А от Ивана я не уйду. И не только из чувства вины. И не только из долга врача. Он сильный, к сильным привязываются. До сих пор его сила была направлена к самоликвидации. Как прыгающая мина, на которую уже наступили. Убери ногу — и мине конец, и тебе. Это я на него наступила. Я должна его разминировать. Иначе погибну сама, без всякой помощи суровых соплеменников. Стыд меня сгложет.
Вот так я думала и молчала. А он молчал и ждал рассказа о дружбе с предателем. Я ещё разок ругнула себя за болтливость и решила отделаться сказкой.

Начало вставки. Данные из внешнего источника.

(* Let $(E\to M,\rho,\langle\cdot,\cdot\rangle,\circ)$ be a Courant algebroid and $(\mathbf I,\mathbf J,\mathbf K)$ an almost hypercomplex structure on $E$. The following are equivalent: (i) $N_{\mathbf I,\mathbf I}=N_{\mathbf J,\mathbf J}=0$; (ii) $N_{\mathbf I,\mathbf J}=0$; (iii) $N_{\mathbf I,\mathbf I}=N_{\mathbf J,\mathbf J}=N_{\mathbf K,\mathbf K}=N_{\mathbf I,\mathbf J}=N_{\mathbf J,\mathbf K}=N_{\mathbf K,\mathbf I}=0$.
   Context: A Courant algebroid $(E\to M,\rho,\langle\cdot,\cdot\rangle,\circ)$ consists of a real vector bundle $E\to M$ over a smooth manifold, a nondegenerate symmetric fiberwise bilinear pairing $\langle\cdot,\cdot\rangle$ on $E$, a vector bundle map $\rho:E\to TM$ (the anchor), and an $\mathbb R$-bilinear operation $\circ$ on $\Gamma(E)$ (the Dorfman bracket) such that for all $f\in C^\infty(M)$, $x,y,z\in\Gamma(E)$: $x\circ(y\circ z)=(x\circ y)\circ z+y\circ(x\circ z)$; $\rho(x\circ y)=[\rho(x),\rho(y)]$; $x\circ(fy)=(\rho(x)f)y+f(x\circ y)$; $x\circ y+y\circ x=2D\langle x,y\rangle$; $(Df)\circ x=0$; $\rho(x)\langle y,z\rangle=\langle x\circ y,z\rangle+\langle y,x\circ z\rangle$. Here $D:C^\infty(M)\to\Gamma(E)$ is the $\mathbb R$-linear map defined by $\langle Df,x\rangle=\tfrac12\rho(x)f$. For vector bundle endomorphisms $F,G$ of $E$ (over $\mathrm{id}_M$), the Nijenhuis concomitant is the tensor $N_{F,G}:E\otimes E\to E$ given by $N_{F,G}(X,Y)=FX\circ GY-F(X\circ GY)-G(FX\circ Y)+FG(X\circ Y)+GX\circ FY-G(X\circ FY)-F(GX\circ Y)+GF(X\circ Y)$. An almost hypercomplex structure on $E$ is a triple $(\mathbf I,\mathbf J,\mathbf K)$ of vector bundle endomorphisms of $E$ over $\mathrm{id}_M$, each orthogonal for $\langle\cdot,\cdot\rangle$, with $\mathbf I^2=\mathbf J^2=\mathbf K^2=\mathbf I\mathbf J\mathbf K=-1$. *)

(* Algebraic model of a Courant algebroid on sections:
   R  : the real scalars (generalized to any realFieldType),
   A  : the commutative R-algebra of smooth functions C^oo(M),
   V  : the A-module Gamma(E) of sections,
   endomorphisms of E over id_M  =  A-linear maps V -> V. *)
From HB Require Import structures.
From mathcomp Require Import all_boot all_order all_algebra.
Set Implicit Arguments. Unset Strict Implicit. Unset Printing Implicit Defensive.
Import Order.TTheory GRing.Theory Num.Theory.
Local Open Scope ring_scope.

Section Courant.
Variables (R : realFieldType) (A : comAlgType R) (V : lmodType A).

(* an R-linear derivation of A, i.e. a vector field acting on functions *)
Definition derivation (d : A -> A) : Prop :=
  [/\ forall f g, d (f + g) = d f + d g,
      forall (r : R) f, d (r *: f) = r *: d f
    & forall f g, d (f * g) = f * d g + d f * g].

Definition anchor_ok (rho : V -> A -> A) : Prop :=
  (forall x, derivation (rho x)) /\
  (forall (a : A) x y f, rho (a *: x + y) f = a * rho x f + rho y f).

Definition pairing_ok (pair : V -> V -> A) : Prop :=
  [/\ forall x y, pair x y = pair y x,
      forall (a : A) x y z, pair (a *: x + y) z = a * pair x z + pair y z,
      forall x, (forall y, pair x y = 0) -> x = 0
    & forall phi : V -> A,
        (forall (a : A) y z, phi (a *: y + z) = a * phi y + phi z) ->
        exists x, forall y, phi y = pair x y].

Definition bracket_Rbilinear (circ : V -> V -> V) : Prop :=
  [/\ forall x y z, circ (x + y) z = circ x z + circ y z,
      forall x y z, circ x (y + z) = circ x y + circ x z,
      forall (r : R) x y, circ ((r%:A : A) *: x) y = (r%:A : A) *: circ x y
    & forall (r : R) x y, circ x ((r%:A : A) *: y) = (r%:A : A) *: circ x y].

Definition courant_algebroid (rho : V -> A -> A) (pair : V -> V -> A)
  (circ : V -> V -> V) (D : A -> V) : Prop :=
  [/\ anchor_ok rho, pairing_ok pair, bracket_Rbilinear circ,
      forall f x, pair (D f) x = (2%:R^-1 : R) *: rho x f &
      [/\ forall x y z, circ x (circ y z) = circ (circ x y) z + circ y (circ x z),
          forall x y f, rho (circ x y) f = rho x (rho y f) - rho y (rho x f),
          forall x (f : A) y, circ x (f *: y) = rho x f *: y + f *: circ x y,
          forall x y, circ x y + circ y x = (2%:R : A) *: D (pair x y) /\
          forall f x, circ (D f) x = 0
        & forall x y z, rho x (pair y z) = pair (circ x y) z + pair y (circ x z)]].

Definition nijenhuis (circ : V -> V -> V) (F G : V -> V) (X Y : V) : V :=
  circ (F X) (G Y) - F (circ X (G Y)) - G (circ (F X) Y) + F (G (circ X Y))
  + circ (G X) (F Y) - G (circ X (F Y)) - F (circ (G X) Y) + G (F (circ X Y)).

Definition nijenhuis_zero (circ : V -> V -> V) (F G : V -> V) : Prop :=
  forall X Y, nijenhuis circ F G X Y = 0.

Definition orthogonal (pair : V -> V -> A) (F : V -> V) : Prop :=
  forall x y, pair (F x) (F y) = pair x y.

Definition almost_hypercomplex (pair : V -> V -> A) (I J K : {linear V -> V}) : Prop :=
  [/\ orthogonal pair I, orthogonal pair J, orthogonal pair K &
      [/\ forall x, I (I x) = - x, forall x, J (J x) = - x, forall x, K (K x) = - x
        & forall x, I (J (K x)) = - x]].

End Courant.

From mathcomp Require Import all_boot all_algebra.
Import GRing.Theory.
Local Open Scope ring_scope.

— Скорпион говорит лягушке: «Перевези меня через ручей». Лягушка отвечает: «Но ведь ты меня ужалишь». «Да как же можно ужалить своего спасителя?!» «Ну, садись на спину». Плывёт скорпион на лягушке и думает: «Но ведь я должен её ужалить. Иначе какой же я скорпион?» Едва вылезла на берег, он ужалил. Умирающая лягушка упрекает: «Ты же обещал».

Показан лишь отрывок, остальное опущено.